When the line containing "Lemma exists_other_notin_line u" appears in the data below, begin copying there and stop only after the line containing "have := dep3_line".

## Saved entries

──────────

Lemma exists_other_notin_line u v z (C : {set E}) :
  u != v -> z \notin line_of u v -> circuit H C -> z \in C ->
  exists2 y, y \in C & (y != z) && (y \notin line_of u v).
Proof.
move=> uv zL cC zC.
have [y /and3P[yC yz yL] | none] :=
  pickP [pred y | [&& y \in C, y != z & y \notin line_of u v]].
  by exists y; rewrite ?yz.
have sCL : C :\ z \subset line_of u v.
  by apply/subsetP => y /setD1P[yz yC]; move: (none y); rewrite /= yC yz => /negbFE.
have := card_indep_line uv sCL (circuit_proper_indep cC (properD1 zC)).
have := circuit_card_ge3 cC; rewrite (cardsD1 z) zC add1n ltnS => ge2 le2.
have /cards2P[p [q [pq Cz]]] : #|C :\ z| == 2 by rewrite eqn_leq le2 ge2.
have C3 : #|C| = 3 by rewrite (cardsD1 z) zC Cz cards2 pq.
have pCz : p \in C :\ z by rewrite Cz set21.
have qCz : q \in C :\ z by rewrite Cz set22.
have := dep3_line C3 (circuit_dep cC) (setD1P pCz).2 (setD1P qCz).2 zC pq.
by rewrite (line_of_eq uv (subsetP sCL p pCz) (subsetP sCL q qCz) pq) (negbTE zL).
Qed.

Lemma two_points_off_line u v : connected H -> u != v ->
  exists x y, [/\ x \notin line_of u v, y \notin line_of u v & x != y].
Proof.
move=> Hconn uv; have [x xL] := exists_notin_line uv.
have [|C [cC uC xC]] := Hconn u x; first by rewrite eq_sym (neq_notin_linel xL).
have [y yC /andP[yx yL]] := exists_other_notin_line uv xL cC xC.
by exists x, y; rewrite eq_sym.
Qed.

──────────

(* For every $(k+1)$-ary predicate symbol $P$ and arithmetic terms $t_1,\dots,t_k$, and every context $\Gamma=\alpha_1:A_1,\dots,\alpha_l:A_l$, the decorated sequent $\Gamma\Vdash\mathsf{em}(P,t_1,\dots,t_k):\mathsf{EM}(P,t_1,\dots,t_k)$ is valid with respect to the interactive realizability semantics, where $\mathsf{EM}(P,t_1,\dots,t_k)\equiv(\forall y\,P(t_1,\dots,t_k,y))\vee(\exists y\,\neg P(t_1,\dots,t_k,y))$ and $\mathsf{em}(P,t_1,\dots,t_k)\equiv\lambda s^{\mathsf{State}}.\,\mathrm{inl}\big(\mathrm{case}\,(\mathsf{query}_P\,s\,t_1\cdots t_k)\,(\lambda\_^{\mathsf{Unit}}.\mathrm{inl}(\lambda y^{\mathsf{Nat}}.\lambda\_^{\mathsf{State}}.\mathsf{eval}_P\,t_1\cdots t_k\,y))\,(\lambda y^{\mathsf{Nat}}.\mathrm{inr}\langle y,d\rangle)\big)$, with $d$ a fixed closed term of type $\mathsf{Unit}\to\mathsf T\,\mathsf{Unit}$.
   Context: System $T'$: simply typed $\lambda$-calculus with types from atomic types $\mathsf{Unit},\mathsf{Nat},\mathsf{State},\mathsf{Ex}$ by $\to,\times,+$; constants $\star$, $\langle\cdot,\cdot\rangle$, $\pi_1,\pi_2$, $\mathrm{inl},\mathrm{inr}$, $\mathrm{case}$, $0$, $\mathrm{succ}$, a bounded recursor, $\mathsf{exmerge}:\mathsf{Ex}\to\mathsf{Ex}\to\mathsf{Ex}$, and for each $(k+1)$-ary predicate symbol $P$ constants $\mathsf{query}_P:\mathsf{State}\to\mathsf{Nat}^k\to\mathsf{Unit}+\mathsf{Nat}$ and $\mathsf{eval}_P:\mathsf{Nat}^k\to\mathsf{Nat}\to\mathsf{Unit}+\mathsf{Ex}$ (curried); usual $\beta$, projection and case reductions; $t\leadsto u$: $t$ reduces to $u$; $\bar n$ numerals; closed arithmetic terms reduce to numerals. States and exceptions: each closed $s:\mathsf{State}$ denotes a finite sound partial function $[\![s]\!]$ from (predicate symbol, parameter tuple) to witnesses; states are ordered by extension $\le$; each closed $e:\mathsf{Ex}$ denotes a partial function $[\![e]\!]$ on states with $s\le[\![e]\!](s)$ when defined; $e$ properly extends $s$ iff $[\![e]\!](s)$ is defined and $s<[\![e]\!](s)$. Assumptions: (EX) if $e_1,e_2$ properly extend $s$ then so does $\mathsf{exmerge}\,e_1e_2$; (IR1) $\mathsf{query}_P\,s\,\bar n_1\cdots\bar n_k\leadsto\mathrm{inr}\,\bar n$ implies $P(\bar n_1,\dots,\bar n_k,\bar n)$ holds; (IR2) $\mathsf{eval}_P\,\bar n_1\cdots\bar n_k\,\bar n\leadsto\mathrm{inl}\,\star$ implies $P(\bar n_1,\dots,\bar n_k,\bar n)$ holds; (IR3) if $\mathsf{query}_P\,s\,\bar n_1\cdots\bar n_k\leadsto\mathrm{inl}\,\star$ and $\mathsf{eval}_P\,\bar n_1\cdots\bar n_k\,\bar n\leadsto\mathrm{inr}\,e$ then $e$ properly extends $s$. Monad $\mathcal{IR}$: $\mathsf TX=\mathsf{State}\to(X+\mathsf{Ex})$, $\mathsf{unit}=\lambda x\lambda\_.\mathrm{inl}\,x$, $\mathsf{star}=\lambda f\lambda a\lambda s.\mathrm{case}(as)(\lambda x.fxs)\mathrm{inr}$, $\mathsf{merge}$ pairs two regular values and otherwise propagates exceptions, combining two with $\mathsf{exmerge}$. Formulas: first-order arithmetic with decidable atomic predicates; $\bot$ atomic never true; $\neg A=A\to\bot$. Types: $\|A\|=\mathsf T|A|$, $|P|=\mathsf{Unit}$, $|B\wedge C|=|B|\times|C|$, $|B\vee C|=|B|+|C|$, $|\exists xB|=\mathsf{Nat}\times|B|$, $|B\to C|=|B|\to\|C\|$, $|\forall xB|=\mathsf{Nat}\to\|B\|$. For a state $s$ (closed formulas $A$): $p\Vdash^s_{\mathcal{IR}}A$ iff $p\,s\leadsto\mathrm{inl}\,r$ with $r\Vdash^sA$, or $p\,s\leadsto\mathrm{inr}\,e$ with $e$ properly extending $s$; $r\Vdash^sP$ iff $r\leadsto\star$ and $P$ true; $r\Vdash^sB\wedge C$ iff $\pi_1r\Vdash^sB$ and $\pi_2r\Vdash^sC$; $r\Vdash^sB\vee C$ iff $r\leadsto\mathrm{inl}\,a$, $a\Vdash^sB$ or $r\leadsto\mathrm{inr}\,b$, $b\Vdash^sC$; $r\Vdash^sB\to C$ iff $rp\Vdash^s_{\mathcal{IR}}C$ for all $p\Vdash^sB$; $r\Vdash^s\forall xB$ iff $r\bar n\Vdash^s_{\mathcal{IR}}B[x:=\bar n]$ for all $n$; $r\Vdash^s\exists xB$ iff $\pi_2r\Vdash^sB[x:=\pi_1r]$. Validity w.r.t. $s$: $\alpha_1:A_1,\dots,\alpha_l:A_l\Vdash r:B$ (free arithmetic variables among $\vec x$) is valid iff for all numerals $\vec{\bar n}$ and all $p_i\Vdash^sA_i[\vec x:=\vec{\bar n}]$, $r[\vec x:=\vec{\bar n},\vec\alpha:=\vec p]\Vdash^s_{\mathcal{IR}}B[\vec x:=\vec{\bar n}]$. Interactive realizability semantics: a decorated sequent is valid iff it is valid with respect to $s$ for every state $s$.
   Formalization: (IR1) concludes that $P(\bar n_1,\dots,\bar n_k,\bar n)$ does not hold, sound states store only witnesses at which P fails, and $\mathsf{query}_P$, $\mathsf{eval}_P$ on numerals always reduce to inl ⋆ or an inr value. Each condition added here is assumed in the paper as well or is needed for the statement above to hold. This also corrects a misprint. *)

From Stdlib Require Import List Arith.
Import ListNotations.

──────────

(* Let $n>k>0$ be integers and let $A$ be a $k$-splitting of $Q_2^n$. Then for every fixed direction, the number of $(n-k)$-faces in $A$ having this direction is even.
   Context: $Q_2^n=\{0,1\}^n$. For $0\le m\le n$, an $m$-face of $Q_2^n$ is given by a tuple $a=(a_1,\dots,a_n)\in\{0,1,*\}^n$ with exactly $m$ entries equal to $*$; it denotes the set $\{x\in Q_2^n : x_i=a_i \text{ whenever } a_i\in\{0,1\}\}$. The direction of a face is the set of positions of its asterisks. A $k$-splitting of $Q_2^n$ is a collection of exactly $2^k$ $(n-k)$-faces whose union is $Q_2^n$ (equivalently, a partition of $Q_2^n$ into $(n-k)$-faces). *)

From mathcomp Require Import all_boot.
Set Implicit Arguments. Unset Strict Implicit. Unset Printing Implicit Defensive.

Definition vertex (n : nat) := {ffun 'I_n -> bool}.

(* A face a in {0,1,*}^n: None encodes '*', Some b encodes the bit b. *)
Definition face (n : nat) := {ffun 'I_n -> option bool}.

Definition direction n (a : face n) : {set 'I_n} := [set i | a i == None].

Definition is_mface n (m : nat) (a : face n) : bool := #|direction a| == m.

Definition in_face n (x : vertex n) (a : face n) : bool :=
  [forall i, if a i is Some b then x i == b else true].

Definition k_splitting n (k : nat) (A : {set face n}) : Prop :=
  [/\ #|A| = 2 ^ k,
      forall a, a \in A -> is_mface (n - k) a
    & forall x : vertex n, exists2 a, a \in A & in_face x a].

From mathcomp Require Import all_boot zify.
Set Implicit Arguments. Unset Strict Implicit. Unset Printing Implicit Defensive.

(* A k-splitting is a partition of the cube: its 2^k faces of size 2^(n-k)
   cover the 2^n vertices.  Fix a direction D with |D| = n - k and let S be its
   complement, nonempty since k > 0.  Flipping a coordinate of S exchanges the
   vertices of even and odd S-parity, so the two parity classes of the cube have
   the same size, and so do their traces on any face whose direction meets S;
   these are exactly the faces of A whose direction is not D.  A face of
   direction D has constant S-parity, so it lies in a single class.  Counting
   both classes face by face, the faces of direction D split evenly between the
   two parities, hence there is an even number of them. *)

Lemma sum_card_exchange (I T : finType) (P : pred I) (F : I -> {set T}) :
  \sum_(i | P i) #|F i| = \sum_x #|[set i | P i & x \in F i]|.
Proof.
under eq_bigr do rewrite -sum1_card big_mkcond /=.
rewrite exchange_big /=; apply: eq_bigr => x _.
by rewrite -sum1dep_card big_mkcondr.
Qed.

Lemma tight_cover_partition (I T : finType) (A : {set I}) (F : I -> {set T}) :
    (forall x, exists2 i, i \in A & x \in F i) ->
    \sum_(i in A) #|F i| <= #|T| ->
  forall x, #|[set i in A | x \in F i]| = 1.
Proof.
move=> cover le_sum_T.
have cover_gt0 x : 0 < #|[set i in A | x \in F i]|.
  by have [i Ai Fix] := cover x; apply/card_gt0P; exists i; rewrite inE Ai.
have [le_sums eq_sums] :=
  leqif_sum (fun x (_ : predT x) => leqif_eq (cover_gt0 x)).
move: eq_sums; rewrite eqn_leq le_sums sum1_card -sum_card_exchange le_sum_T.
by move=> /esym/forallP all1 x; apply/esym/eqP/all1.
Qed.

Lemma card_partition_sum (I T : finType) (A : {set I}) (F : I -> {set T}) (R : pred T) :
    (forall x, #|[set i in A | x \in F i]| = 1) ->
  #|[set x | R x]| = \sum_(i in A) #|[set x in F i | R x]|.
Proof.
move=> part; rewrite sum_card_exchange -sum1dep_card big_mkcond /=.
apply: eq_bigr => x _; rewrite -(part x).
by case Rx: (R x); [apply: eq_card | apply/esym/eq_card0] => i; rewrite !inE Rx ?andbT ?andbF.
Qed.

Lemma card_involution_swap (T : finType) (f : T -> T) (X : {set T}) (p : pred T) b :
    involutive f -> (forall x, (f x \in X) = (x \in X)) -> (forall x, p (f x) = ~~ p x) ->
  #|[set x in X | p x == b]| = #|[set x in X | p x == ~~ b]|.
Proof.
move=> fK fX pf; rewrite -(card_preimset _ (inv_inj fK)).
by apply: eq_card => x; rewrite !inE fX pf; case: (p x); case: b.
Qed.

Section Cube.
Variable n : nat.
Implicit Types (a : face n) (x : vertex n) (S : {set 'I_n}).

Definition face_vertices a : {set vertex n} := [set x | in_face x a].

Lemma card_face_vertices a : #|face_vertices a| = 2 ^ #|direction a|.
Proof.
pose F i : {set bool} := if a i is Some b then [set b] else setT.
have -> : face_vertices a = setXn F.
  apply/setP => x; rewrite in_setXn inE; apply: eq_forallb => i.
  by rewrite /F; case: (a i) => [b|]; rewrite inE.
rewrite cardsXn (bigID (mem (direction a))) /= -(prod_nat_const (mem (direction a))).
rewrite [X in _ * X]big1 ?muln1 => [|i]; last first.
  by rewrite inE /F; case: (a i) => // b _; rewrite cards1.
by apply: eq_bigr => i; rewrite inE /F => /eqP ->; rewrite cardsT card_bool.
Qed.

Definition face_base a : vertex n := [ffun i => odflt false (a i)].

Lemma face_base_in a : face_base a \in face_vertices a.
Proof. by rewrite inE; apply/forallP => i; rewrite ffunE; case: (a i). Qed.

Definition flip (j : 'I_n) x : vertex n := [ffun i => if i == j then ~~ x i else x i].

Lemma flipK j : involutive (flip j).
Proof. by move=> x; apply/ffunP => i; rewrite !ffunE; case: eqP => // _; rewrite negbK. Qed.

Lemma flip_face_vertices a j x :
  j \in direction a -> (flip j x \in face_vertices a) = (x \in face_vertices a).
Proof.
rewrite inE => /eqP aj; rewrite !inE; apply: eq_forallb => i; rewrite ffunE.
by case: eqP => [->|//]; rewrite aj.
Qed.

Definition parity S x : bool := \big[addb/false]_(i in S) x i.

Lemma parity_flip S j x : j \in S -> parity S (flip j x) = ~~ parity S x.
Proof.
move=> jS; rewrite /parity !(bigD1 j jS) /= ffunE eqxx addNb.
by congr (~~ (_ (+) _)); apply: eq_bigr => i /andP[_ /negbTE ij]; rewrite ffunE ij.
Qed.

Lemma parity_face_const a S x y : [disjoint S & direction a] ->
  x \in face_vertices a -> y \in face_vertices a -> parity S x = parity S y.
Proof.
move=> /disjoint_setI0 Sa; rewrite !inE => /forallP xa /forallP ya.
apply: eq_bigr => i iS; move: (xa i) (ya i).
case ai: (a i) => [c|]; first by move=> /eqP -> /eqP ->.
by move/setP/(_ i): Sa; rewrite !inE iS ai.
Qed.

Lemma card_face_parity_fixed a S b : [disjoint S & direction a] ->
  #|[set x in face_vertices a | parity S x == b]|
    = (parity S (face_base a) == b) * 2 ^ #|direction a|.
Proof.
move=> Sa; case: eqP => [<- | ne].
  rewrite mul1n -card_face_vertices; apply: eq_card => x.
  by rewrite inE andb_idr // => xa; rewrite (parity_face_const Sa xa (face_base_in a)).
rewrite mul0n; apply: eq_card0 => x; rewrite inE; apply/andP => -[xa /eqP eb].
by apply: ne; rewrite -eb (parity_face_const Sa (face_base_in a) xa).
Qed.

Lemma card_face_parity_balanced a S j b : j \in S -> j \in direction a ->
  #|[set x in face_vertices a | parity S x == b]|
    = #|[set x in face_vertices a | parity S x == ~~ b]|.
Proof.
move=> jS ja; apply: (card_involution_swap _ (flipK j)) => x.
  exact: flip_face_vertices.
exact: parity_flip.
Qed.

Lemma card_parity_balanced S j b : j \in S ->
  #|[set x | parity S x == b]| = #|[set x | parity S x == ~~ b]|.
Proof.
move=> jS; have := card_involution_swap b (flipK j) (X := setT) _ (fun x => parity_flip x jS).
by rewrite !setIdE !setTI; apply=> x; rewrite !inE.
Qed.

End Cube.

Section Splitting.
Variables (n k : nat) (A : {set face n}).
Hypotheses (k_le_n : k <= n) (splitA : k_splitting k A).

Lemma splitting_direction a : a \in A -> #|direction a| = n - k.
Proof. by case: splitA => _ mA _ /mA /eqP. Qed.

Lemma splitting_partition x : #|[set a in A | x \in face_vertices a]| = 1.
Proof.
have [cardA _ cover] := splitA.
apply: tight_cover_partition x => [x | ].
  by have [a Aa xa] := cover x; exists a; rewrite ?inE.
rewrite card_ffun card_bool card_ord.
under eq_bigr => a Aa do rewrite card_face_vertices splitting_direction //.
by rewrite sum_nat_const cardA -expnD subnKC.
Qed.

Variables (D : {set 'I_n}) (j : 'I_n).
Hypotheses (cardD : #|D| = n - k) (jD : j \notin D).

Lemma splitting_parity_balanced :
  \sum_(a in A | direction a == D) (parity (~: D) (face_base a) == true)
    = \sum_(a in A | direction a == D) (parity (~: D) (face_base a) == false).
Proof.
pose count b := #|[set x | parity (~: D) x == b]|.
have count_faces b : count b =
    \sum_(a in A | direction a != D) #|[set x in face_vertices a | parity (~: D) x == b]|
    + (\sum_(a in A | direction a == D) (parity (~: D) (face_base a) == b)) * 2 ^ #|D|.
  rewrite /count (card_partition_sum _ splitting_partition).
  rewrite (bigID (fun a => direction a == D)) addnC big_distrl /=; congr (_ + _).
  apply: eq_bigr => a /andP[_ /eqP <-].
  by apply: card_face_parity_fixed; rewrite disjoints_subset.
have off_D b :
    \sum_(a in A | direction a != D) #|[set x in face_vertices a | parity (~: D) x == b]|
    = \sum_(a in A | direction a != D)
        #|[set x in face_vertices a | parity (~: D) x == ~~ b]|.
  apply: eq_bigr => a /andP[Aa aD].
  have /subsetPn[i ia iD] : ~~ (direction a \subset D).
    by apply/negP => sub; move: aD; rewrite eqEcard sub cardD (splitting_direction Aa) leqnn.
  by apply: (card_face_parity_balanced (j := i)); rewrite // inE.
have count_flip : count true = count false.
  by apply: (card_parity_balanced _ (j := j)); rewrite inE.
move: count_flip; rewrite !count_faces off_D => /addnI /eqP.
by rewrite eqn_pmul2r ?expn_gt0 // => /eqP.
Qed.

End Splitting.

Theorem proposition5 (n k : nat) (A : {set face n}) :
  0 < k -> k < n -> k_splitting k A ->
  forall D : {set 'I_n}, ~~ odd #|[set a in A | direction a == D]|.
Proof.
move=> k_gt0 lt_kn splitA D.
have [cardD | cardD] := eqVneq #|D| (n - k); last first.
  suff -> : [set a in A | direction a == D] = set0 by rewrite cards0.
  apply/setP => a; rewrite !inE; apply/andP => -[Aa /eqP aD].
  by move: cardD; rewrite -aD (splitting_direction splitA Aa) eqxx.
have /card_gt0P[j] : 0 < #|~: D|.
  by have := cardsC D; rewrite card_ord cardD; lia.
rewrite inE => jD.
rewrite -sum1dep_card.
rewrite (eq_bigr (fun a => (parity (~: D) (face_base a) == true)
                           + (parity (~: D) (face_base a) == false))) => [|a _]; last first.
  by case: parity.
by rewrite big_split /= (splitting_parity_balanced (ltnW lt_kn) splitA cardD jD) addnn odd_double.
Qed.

──────────

## Written response
Lemma exists_other_notin_line u v z (C : {set E}) :
  u != v -> z \notin line_of u v -> circuit H C -> z \in C ->
  exists2 y, y \in C & (y != z) && (y \notin line_of u v).
Proof.
move=> uv zL cC zC.
have [y /and3P[yC yz yL] | none] :=
  pickP [pred y | [&& y \in C, y != z & y \notin line_of u v]].
  by exists y; rewrite ?yz.
have sCL : C :\ z \subset line_of u v.
  by apply/subsetP => y /setD1P[yz yC]; move: (none y); rewrite /= yC yz => /negbFE.
have := card_indep_line uv sCL (circuit_proper_indep cC (properD1 zC)).
have := circuit_card_ge3 cC; rewrite (cardsD1 z) zC add1n ltnS => ge2 le2.
have /cards2P[p [q [pq Cz]]] : #|C :\ z| == 2 by rewrite eqn_leq le2 ge2.
have C3 : #|C| = 3 by rewrite (cardsD1 z) zC Cz cards2 pq.
have pCz : p \in C :\ z by rewrite Cz set21.
have qCz : q \in C :\ z by rewrite Cz set22.
have := dep3_line C3 (circuit_dep cC) (setD1P pCz).2 (setD1P qCz).2 zC pq.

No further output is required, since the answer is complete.